[What you need to do]: Only one span of the listing below is wanted: the lines from the one with "(c_meas : measurable_fun" through the one with "move=> mA; rewrite", reproduced exactly, both ends kept.

[Given records]:

_ _ _

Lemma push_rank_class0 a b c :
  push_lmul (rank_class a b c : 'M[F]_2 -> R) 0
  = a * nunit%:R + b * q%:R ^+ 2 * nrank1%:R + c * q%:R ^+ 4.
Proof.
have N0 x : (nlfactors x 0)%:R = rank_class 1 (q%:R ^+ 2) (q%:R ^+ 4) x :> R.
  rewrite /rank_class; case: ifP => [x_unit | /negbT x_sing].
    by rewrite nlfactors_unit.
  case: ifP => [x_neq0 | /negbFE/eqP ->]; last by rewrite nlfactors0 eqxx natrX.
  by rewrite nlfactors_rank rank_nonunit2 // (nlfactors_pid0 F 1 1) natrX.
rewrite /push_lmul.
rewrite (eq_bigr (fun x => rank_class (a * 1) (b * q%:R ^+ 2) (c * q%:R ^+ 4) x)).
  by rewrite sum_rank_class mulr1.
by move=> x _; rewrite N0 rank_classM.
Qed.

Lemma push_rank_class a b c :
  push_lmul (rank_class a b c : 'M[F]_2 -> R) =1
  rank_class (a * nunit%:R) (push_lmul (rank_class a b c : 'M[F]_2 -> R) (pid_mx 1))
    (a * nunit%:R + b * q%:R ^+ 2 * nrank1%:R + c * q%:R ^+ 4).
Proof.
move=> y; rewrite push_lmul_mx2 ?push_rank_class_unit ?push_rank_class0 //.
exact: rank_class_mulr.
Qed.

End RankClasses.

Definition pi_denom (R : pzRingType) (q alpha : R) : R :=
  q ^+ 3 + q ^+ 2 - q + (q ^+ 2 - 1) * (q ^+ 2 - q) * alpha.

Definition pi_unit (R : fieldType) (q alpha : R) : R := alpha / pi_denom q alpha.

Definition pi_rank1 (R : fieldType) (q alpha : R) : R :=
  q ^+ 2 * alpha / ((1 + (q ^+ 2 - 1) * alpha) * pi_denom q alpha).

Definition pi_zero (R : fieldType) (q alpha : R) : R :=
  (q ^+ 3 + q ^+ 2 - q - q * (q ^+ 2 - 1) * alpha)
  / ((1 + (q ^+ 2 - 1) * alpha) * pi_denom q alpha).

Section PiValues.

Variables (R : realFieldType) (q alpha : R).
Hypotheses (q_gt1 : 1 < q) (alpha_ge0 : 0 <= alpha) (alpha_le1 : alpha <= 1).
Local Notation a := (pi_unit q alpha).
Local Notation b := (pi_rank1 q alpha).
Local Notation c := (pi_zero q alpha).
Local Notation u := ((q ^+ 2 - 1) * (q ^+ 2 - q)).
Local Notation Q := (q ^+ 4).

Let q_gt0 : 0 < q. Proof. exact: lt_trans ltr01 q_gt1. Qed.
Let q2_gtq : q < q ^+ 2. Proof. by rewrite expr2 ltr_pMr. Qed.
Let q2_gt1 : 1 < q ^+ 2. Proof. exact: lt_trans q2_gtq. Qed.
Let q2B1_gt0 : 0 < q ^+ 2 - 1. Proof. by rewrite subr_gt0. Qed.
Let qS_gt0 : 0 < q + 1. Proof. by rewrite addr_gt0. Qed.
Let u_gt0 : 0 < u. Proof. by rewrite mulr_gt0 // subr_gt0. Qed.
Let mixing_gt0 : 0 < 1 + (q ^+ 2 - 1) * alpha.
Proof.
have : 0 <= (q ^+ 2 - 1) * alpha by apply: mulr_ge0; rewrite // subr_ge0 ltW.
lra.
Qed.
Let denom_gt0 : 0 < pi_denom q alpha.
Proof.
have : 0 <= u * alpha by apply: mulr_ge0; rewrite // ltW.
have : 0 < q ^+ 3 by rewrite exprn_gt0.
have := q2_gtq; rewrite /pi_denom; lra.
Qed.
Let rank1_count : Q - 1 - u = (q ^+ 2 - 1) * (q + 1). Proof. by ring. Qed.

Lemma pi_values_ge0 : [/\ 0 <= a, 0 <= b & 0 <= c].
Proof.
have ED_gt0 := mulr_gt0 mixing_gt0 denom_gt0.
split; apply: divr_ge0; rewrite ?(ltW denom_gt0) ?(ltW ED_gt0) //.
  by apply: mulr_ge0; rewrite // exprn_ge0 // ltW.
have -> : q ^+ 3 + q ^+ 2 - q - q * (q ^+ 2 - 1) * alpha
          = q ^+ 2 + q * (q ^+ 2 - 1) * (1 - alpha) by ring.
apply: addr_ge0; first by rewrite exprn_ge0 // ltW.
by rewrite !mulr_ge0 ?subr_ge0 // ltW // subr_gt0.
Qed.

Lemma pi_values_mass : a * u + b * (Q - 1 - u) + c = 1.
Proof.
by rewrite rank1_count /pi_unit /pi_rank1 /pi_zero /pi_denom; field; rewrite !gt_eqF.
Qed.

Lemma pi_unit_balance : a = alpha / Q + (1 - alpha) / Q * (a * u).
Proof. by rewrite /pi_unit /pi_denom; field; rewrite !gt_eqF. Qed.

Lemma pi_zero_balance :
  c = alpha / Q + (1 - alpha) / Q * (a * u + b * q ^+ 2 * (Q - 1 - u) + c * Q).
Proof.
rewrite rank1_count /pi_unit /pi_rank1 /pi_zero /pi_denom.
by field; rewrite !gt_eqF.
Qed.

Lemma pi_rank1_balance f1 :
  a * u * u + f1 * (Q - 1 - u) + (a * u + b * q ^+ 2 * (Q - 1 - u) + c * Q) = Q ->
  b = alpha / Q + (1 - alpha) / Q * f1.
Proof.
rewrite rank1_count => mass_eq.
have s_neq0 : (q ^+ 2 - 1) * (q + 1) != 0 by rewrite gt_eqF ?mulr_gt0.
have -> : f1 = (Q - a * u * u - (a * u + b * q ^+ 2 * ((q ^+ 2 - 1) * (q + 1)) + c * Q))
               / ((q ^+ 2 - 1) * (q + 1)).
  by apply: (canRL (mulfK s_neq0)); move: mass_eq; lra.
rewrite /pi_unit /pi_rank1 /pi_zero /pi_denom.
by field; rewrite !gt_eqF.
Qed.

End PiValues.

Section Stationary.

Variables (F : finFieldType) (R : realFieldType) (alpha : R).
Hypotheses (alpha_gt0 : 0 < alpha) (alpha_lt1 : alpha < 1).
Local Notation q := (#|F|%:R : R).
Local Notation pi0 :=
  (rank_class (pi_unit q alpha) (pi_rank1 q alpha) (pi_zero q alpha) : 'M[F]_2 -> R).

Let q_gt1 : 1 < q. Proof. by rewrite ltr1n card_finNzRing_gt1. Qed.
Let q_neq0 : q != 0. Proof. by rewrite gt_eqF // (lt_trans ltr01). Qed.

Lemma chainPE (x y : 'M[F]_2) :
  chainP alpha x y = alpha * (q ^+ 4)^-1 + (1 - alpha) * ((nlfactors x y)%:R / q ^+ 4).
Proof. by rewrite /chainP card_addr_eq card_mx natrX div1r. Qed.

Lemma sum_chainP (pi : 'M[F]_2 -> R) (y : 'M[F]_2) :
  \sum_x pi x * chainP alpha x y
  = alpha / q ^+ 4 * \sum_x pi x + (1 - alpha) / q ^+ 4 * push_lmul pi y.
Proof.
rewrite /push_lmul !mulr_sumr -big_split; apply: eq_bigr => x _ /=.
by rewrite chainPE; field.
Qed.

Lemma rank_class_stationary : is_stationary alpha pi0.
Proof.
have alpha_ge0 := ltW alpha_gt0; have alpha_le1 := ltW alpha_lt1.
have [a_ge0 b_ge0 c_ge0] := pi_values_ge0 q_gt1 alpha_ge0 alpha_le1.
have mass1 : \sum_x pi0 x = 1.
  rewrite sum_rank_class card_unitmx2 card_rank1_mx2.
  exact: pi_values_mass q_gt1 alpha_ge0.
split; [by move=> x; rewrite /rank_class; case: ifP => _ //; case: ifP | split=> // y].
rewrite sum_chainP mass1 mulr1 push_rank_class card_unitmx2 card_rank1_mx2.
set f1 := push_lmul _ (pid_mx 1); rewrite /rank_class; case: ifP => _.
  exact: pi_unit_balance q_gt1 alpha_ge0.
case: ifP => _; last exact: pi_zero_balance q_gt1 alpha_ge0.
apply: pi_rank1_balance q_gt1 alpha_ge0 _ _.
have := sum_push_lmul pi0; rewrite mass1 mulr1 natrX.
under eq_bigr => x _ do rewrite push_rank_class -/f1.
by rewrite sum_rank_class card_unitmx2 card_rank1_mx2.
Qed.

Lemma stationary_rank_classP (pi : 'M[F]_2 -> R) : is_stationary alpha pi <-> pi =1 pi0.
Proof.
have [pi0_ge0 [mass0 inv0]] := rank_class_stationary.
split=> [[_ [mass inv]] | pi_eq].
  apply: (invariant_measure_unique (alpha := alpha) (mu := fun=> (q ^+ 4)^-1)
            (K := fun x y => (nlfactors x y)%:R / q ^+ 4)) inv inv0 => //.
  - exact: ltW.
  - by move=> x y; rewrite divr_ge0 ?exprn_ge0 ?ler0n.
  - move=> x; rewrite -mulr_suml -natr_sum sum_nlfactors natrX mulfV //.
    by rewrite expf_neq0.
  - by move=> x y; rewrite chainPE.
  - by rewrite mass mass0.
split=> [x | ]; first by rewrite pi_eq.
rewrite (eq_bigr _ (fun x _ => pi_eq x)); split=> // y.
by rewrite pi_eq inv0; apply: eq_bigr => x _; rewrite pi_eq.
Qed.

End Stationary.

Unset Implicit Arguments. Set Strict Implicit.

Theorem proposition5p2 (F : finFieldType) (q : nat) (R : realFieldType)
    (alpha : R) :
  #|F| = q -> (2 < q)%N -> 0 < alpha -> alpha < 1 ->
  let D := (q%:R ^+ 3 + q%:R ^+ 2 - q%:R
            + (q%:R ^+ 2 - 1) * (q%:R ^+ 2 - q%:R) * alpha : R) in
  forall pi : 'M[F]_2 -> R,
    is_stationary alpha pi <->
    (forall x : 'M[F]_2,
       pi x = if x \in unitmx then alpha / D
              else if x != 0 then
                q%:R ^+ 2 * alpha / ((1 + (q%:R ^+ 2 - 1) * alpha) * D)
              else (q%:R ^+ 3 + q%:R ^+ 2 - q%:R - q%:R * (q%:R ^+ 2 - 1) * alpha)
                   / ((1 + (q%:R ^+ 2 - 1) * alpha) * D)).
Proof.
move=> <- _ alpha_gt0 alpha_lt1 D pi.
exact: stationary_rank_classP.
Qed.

_ _ _

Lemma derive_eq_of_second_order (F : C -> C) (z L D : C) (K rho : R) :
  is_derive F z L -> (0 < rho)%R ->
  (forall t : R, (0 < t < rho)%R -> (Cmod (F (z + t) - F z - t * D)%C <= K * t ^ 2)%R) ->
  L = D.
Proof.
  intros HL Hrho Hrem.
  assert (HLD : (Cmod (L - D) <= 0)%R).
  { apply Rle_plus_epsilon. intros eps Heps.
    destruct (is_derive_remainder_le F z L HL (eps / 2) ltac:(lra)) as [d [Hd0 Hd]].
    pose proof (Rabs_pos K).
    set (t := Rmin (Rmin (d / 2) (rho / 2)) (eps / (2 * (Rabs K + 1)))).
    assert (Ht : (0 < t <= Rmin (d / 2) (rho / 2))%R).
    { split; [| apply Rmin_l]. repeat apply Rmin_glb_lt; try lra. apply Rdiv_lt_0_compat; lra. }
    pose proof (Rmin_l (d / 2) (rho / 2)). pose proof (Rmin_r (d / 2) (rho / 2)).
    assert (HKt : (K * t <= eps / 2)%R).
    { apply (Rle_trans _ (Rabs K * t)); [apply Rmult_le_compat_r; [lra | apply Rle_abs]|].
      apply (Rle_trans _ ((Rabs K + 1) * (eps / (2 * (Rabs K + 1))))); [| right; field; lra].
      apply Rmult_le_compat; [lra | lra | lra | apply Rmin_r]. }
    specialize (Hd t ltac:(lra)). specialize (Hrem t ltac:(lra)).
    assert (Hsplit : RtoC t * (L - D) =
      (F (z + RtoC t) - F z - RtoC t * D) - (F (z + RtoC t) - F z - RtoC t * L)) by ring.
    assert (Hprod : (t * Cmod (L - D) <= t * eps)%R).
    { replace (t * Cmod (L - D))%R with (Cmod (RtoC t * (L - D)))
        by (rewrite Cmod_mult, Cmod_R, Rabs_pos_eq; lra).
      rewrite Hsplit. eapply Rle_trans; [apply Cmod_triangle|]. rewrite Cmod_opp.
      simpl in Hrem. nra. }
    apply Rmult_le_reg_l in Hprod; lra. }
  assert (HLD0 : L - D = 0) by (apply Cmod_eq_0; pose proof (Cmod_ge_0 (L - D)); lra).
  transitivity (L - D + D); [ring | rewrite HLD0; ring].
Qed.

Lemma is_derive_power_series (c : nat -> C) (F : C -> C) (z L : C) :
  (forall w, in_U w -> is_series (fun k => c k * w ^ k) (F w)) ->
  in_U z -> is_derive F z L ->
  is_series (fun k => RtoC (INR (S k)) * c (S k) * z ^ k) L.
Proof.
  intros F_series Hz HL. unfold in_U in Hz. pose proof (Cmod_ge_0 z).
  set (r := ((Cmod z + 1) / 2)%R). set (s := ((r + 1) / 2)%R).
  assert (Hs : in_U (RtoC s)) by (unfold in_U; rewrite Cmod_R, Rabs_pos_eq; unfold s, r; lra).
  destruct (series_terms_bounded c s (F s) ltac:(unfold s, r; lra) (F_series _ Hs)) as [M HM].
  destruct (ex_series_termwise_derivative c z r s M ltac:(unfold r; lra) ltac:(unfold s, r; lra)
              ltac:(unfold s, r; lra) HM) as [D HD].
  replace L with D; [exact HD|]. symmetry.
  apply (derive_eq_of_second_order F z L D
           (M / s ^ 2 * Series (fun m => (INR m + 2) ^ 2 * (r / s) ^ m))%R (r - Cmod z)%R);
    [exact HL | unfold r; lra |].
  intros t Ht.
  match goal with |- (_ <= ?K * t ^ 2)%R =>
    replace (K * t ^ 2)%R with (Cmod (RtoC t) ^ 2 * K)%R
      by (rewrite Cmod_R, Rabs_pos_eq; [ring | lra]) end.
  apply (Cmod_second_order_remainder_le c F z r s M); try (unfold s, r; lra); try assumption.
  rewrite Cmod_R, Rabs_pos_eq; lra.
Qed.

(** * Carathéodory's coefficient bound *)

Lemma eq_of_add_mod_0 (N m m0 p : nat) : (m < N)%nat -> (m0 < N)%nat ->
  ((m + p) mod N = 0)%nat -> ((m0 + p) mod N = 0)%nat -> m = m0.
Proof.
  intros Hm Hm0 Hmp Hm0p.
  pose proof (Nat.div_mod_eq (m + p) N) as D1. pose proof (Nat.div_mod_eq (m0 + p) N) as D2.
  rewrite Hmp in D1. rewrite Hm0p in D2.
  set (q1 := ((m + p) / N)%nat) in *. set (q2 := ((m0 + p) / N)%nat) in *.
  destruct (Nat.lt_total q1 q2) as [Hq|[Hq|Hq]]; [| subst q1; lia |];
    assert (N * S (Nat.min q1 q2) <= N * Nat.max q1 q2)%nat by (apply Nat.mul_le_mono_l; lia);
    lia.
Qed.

_ _ _

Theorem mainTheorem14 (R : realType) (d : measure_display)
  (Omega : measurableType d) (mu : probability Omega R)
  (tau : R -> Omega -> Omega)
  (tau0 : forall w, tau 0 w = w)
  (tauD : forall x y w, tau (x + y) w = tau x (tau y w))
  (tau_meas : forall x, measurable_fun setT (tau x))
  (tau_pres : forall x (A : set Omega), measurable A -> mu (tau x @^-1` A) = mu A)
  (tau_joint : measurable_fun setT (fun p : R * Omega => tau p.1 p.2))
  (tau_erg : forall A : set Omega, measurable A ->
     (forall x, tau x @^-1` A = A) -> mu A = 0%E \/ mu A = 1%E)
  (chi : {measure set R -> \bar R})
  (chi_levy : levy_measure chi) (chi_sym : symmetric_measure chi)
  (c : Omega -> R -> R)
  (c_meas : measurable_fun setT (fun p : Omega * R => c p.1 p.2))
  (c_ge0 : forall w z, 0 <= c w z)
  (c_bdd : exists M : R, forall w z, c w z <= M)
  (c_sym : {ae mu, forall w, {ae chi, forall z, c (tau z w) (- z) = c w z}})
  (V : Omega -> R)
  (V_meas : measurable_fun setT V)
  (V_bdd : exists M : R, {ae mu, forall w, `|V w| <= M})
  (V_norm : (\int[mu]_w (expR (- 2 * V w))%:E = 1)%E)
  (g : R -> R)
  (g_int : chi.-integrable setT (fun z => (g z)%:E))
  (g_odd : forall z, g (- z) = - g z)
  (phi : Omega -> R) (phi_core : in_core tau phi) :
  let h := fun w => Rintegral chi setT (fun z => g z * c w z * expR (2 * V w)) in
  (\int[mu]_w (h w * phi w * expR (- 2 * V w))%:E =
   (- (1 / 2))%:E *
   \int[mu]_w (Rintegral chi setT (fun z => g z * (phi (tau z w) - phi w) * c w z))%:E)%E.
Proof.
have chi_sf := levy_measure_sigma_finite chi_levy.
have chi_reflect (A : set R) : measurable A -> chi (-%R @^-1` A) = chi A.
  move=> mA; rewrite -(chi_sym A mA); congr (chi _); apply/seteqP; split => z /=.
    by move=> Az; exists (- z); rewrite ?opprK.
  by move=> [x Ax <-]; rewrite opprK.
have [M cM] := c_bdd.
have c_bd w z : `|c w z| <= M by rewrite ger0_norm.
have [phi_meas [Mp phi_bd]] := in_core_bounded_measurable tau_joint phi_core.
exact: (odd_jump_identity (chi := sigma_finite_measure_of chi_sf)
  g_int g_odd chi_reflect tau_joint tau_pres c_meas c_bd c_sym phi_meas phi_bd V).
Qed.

_ _ _

[Your response]:
  (c_meas : measurable_fun setT (fun p : Omega * R => c p.1 p.2))
  (c_ge0 : forall w z, 0 <= c w z)
  (c_bdd : exists M : R, forall w z, c w z <= M)
  (c_sym : {ae mu, forall w, {ae chi, forall z, c (tau z w) (- z) = c w z}})
  (V : Omega -> R)
  (V_meas : measurable_fun setT V)
  (V_bdd : exists M : R, {ae mu, forall w, `|V w| <= M})
  (V_norm : (\int[mu]_w (expR (- 2 * V w))%:E = 1)%E)
  (g : R -> R)
  (g_int : chi.-integrable setT (fun z => (g z)%:E))
  (g_odd : forall z, g (- z) = - g z)
  (phi : Omega -> R) (phi_core : in_core tau phi) :
  let h := fun w => Rintegral chi setT (fun z => g z * c w z * expR (2 * V w)) in
  (\int[mu]_w (h w * phi w * expR (- 2 * V w))%:E =
   (- (1 / 2))%:E *
   \int[mu]_w (Rintegral chi setT (fun z => g z * (phi (tau z w) - phi w) * c w z))%:E)%E.
Proof.
have chi_sf := levy_measure_sigma_finite chi_levy.
have chi_reflect (A : set R) : measurable A -> chi (-%R @^-1` A) = chi A.
  move=> mA; rewrite -(chi_sym A mA); congr (chi _); apply/seteqP; split => z /=.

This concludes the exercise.